### Task statement
Search the entries for the word "ring". Copy every line where it turns up.

### Input data
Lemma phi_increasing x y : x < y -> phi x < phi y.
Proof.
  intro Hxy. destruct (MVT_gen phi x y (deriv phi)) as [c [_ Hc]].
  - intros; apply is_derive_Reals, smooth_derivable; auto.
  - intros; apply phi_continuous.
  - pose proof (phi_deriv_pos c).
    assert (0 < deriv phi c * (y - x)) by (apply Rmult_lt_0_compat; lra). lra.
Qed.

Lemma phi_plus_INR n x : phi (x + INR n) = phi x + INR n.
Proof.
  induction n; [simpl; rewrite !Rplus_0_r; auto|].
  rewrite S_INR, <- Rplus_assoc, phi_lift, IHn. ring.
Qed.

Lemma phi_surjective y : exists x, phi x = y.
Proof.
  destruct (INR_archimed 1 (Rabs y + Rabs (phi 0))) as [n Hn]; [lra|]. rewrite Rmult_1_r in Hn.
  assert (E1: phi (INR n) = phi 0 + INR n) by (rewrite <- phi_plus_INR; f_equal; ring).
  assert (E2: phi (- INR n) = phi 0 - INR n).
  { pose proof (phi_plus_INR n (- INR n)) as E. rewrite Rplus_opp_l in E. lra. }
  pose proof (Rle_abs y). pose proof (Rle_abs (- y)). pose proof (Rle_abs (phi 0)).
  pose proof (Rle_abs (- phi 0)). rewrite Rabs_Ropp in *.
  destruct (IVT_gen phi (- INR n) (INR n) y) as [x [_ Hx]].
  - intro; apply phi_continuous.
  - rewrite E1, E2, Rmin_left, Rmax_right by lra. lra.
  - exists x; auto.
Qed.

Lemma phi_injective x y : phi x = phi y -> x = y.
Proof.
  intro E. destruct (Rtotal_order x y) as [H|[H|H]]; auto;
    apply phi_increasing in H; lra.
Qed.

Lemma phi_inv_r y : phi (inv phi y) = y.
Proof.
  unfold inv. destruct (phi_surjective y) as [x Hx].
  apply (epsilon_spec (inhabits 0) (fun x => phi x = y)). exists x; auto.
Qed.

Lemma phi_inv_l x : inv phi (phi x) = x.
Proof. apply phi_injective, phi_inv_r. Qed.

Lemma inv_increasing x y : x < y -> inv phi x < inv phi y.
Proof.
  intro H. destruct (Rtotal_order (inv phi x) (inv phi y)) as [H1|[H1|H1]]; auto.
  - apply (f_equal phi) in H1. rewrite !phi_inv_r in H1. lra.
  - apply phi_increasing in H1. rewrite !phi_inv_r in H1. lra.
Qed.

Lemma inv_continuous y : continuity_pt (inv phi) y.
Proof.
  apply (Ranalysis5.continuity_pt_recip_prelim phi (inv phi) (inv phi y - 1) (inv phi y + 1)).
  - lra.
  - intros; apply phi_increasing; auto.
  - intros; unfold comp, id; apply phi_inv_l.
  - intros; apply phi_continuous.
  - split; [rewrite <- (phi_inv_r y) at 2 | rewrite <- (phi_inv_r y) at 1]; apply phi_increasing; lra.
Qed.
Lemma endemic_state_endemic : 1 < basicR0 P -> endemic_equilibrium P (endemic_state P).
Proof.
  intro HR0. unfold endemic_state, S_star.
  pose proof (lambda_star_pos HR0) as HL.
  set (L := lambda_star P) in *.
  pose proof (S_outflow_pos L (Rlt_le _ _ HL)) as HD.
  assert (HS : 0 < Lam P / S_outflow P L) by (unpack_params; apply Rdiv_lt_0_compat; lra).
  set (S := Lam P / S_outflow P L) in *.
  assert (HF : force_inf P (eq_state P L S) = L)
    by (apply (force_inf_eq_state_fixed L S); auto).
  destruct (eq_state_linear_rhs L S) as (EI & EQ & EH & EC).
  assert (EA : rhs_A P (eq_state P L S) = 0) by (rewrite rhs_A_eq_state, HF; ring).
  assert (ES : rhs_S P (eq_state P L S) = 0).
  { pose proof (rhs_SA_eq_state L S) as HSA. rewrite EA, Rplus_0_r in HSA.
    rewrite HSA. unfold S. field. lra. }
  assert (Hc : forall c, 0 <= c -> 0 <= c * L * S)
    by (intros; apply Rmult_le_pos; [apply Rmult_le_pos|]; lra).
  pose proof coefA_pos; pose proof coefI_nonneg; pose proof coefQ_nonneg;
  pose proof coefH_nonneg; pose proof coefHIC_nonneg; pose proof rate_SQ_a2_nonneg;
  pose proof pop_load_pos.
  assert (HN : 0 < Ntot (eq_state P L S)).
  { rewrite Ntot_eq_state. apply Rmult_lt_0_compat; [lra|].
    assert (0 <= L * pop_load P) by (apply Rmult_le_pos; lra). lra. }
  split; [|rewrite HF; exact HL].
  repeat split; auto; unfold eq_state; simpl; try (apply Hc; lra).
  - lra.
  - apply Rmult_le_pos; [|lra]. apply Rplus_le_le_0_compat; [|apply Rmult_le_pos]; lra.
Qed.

### Result for this exercise
  rewrite S_INR, <- Rplus_assoc, phi_lift, IHn. ring.
  assert (E1: phi (INR n) = phi 0 + INR n) by (rewrite <- phi_plus_INR; f_equal; ring).
  assert (EA : rhs_A P (eq_state P L S) = 0) by (rewrite rhs_A_eq_state, HF; ring).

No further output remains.